● **Exercise prompt**: Reproduce every entry exactly, without alteration.
━━━━━━━━━━━━━━━━
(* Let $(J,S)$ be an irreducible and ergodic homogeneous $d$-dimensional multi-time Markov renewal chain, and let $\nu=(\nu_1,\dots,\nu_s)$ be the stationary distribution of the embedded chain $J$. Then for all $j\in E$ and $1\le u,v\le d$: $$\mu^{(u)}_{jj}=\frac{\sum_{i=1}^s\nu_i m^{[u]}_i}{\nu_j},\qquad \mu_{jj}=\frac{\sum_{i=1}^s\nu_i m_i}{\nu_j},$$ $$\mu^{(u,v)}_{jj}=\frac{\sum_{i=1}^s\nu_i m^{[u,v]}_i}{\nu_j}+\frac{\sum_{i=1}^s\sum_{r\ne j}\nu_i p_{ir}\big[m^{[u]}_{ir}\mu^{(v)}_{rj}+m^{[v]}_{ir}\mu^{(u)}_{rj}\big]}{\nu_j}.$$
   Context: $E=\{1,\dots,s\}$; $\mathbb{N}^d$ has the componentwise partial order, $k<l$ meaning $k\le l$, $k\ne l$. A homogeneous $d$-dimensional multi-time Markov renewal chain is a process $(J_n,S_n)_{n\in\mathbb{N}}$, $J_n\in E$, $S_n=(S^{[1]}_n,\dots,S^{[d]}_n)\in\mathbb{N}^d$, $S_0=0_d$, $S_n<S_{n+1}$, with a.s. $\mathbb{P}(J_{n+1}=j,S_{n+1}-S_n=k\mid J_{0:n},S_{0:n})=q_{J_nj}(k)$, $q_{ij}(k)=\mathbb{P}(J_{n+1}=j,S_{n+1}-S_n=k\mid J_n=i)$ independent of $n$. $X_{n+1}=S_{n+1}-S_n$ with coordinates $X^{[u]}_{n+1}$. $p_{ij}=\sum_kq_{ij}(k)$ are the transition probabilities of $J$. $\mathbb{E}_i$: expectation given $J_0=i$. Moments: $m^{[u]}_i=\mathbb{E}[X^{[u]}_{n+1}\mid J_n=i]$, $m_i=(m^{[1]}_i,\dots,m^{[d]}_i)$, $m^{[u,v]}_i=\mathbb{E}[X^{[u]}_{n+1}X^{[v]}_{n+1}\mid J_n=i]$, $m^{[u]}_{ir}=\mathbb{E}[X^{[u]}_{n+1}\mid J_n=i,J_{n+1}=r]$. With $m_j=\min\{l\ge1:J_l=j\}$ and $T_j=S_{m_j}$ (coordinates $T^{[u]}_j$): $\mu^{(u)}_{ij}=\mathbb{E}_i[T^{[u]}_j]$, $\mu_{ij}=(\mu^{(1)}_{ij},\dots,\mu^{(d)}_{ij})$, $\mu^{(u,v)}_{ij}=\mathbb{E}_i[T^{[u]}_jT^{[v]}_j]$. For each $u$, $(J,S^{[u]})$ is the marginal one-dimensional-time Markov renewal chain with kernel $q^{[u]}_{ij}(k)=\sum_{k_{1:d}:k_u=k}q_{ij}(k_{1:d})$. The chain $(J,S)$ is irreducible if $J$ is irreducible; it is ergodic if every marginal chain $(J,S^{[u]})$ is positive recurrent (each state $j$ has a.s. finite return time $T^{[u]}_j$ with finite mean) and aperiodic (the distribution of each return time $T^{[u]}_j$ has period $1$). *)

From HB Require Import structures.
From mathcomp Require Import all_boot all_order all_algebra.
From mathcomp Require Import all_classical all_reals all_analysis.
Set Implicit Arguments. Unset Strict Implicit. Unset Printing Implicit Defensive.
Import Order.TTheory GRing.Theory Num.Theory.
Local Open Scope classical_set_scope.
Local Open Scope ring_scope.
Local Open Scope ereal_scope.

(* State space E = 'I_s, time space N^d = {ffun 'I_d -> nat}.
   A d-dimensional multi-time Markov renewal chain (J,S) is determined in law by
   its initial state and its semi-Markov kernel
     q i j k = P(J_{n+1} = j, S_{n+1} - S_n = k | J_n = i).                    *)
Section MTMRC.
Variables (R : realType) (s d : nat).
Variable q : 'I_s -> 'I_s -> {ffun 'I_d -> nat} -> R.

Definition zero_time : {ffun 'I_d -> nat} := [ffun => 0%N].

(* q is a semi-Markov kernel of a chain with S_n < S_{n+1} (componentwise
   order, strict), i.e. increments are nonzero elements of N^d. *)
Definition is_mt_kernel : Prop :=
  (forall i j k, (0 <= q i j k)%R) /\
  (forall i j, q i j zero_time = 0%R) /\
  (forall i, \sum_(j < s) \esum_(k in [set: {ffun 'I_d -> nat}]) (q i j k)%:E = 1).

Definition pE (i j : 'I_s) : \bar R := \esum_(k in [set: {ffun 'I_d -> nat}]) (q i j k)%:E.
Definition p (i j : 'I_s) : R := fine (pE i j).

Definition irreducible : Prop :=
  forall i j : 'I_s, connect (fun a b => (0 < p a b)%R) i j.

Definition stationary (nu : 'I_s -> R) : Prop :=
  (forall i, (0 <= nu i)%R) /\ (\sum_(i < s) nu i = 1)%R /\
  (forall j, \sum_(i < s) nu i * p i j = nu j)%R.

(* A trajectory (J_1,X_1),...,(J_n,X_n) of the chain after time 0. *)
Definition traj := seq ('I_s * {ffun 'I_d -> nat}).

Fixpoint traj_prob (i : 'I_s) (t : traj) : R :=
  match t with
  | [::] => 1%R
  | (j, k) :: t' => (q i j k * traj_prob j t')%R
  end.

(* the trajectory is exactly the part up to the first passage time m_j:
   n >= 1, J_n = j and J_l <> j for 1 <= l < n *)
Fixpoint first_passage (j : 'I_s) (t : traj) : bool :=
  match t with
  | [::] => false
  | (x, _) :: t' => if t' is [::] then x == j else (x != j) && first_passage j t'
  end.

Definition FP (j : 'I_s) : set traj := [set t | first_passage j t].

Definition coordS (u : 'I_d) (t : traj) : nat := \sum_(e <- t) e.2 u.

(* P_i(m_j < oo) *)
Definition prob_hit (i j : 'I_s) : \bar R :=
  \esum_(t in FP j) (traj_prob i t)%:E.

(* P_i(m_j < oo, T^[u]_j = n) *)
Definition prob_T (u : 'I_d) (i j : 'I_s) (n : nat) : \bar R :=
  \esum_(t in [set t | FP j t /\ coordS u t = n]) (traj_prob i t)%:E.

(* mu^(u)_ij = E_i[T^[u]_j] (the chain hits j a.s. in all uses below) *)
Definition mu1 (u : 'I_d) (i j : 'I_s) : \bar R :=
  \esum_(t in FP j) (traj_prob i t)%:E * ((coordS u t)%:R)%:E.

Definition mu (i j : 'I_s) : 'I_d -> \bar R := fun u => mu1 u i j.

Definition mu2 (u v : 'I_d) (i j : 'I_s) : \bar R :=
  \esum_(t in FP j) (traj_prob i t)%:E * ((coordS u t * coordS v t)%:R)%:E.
━━━━━━━━━━━━━━━━
● **Answer below**:
(* Let $(J,S)$ be an irreducible and ergodic homogeneous $d$-dimensional multi-time Markov renewal chain, and let $\nu=(\nu_1,\dots,\nu_s)$ be the stationary distribution of the embedded chain $J$. Then for all $j\in E$ and $1\le u,v\le d$: $$\mu^{(u)}_{jj}=\frac{\sum_{i=1}^s\nu_i m^{[u]}_i}{\nu_j},\qquad \mu_{jj}=\frac{\sum_{i=1}^s\nu_i m_i}{\nu_j},$$ $$\mu^{(u,v)}_{jj}=\frac{\sum_{i=1}^s\nu_i m^{[u,v]}_i}{\nu_j}+\frac{\sum_{i=1}^s\sum_{r\ne j}\nu_i p_{ir}\big[m^{[u]}_{ir}\mu^{(v)}_{rj}+m^{[v]}_{ir}\mu^{(u)}_{rj}\big]}{\nu_j}.$$
   Context: $E=\{1,\dots,s\}$; $\mathbb{N}^d$ has the componentwise partial order, $k<l$ meaning $k\le l$, $k\ne l$. A homogeneous $d$-dimensional multi-time Markov renewal chain is a process $(J_n,S_n)_{n\in\mathbb{N}}$, $J_n\in E$, $S_n=(S^{[1]}_n,\dots,S^{[d]}_n)\in\mathbb{N}^d$, $S_0=0_d$, $S_n<S_{n+1}$, with a.s. $\mathbb{P}(J_{n+1}=j,S_{n+1}-S_n=k\mid J_{0:n},S_{0:n})=q_{J_nj}(k)$, $q_{ij}(k)=\mathbb{P}(J_{n+1}=j,S_{n+1}-S_n=k\mid J_n=i)$ independent of $n$. $X_{n+1}=S_{n+1}-S_n$ with coordinates $X^{[u]}_{n+1}$. $p_{ij}=\sum_kq_{ij}(k)$ are the transition probabilities of $J$. $\mathbb{E}_i$: expectation given $J_0=i$. Moments: $m^{[u]}_i=\mathbb{E}[X^{[u]}_{n+1}\mid J_n=i]$, $m_i=(m^{[1]}_i,\dots,m^{[d]}_i)$, $m^{[u,v]}_i=\mathbb{E}[X^{[u]}_{n+1}X^{[v]}_{n+1}\mid J_n=i]$, $m^{[u]}_{ir}=\mathbb{E}[X^{[u]}_{n+1}\mid J_n=i,J_{n+1}=r]$. With $m_j=\min\{l\ge1:J_l=j\}$ and $T_j=S_{m_j}$ (coordinates $T^{[u]}_j$): $\mu^{(u)}_{ij}=\mathbb{E}_i[T^{[u]}_j]$, $\mu_{ij}=(\mu^{(1)}_{ij},\dots,\mu^{(d)}_{ij})$, $\mu^{(u,v)}_{ij}=\mathbb{E}_i[T^{[u]}_jT^{[v]}_j]$. For each $u$, $(J,S^{[u]})$ is the marginal one-dimensional-time Markov renewal chain with kernel $q^{[u]}_{ij}(k)=\sum_{k_{1:d}:k_u=k}q_{ij}(k_{1:d})$. The chain $(J,S)$ is irreducible if $J$ is irreducible; it is ergodic if every marginal chain $(J,S^{[u]})$ is positive recurrent (each state $j$ has a.s. finite return time $T^{[u]}_j$ with finite mean) and aperiodic (the distribution of each return time $T^{[u]}_j$ has period $1$). *)

From HB Require Import structures.
From mathcomp Require Import all_boot all_order all_algebra.
From mathcomp Require Import all_classical all_reals all_analysis.
Set Implicit Arguments. Unset Strict Implicit. Unset Printing Implicit Defensive.
Import Order.TTheory GRing.Theory Num.Theory.
Local Open Scope classical_set_scope.
Local Open Scope ring_scope.
Local Open Scope ereal_scope.

(* State space E = 'I_s, time space N^d = {ffun 'I_d -> nat}.
   A d-dimensional multi-time Markov renewal chain (J,S) is determined in law by
   its initial state and its semi-Markov kernel
     q i j k = P(J_{n+1} = j, S_{n+1} - S_n = k | J_n = i).                    *)
Section MTMRC.
Variables (R : realType) (s d : nat).
Variable q : 'I_s -> 'I_s -> {ffun 'I_d -> nat} -> R.

Definition zero_time : {ffun 'I_d -> nat} := [ffun => 0%N].

(* q is a semi-Markov kernel of a chain with S_n < S_{n+1} (componentwise
   order, strict), i.e. increments are nonzero elements of N^d. *)
Definition is_mt_kernel : Prop :=
  (forall i j k, (0 <= q i j k)%R) /\
  (forall i j, q i j zero_time = 0%R) /\
  (forall i, \sum_(j < s) \esum_(k in [set: {ffun 'I_d -> nat}]) (q i j k)%:E = 1).

Definition pE (i j : 'I_s) : \bar R := \esum_(k in [set: {ffun 'I_d -> nat}]) (q i j k)%:E.
Definition p (i j : 'I_s) : R := fine (pE i j).

Definition irreducible : Prop :=
  forall i j : 'I_s, connect (fun a b => (0 < p a b)%R) i j.

Definition stationary (nu : 'I_s -> R) : Prop :=
  (forall i, (0 <= nu i)%R) /\ (\sum_(i < s) nu i = 1)%R /\
  (forall j, \sum_(i < s) nu i * p i j = nu j)%R.

(* A trajectory (J_1,X_1),...,(J_n,X_n) of the chain after time 0. *)
Definition traj := seq ('I_s * {ffun 'I_d -> nat}).

Fixpoint traj_prob (i : 'I_s) (t : traj) : R :=
  match t with
  | [::] => 1%R
  | (j, k) :: t' => (q i j k * traj_prob j t')%R
  end.

(* the trajectory is exactly the part up to the first passage time m_j:
   n >= 1, J_n = j and J_l <> j for 1 <= l < n *)
Fixpoint first_passage (j : 'I_s) (t : traj) : bool :=
  match t with
  | [::] => false
  | (x, _) :: t' => if t' is [::] then x == j else (x != j) && first_passage j t'
  end.

Definition FP (j : 'I_s) : set traj := [set t | first_passage j t].

Definition coordS (u : 'I_d) (t : traj) : nat := \sum_(e <- t) e.2 u.

(* P_i(m_j < oo) *)
Definition prob_hit (i j : 'I_s) : \bar R :=
  \esum_(t in FP j) (traj_prob i t)%:E.

(* P_i(m_j < oo, T^[u]_j = n) *)
Definition prob_T (u : 'I_d) (i j : 'I_s) (n : nat) : \bar R :=
  \esum_(t in [set t | FP j t /\ coordS u t = n]) (traj_prob i t)%:E.

(* mu^(u)_ij = E_i[T^[u]_j] (the chain hits j a.s. in all uses below) *)
Definition mu1 (u : 'I_d) (i j : 'I_s) : \bar R :=
  \esum_(t in FP j) (traj_prob i t)%:E * ((coordS u t)%:R)%:E.

Definition mu (i j : 'I_s) : 'I_d -> \bar R := fun u => mu1 u i j.

Definition mu2 (u v : 'I_d) (i j : 'I_s) : \bar R :=
  \esum_(t in FP j) (traj_prob i t)%:E * ((coordS u t * coordS v t)%:R)%:E.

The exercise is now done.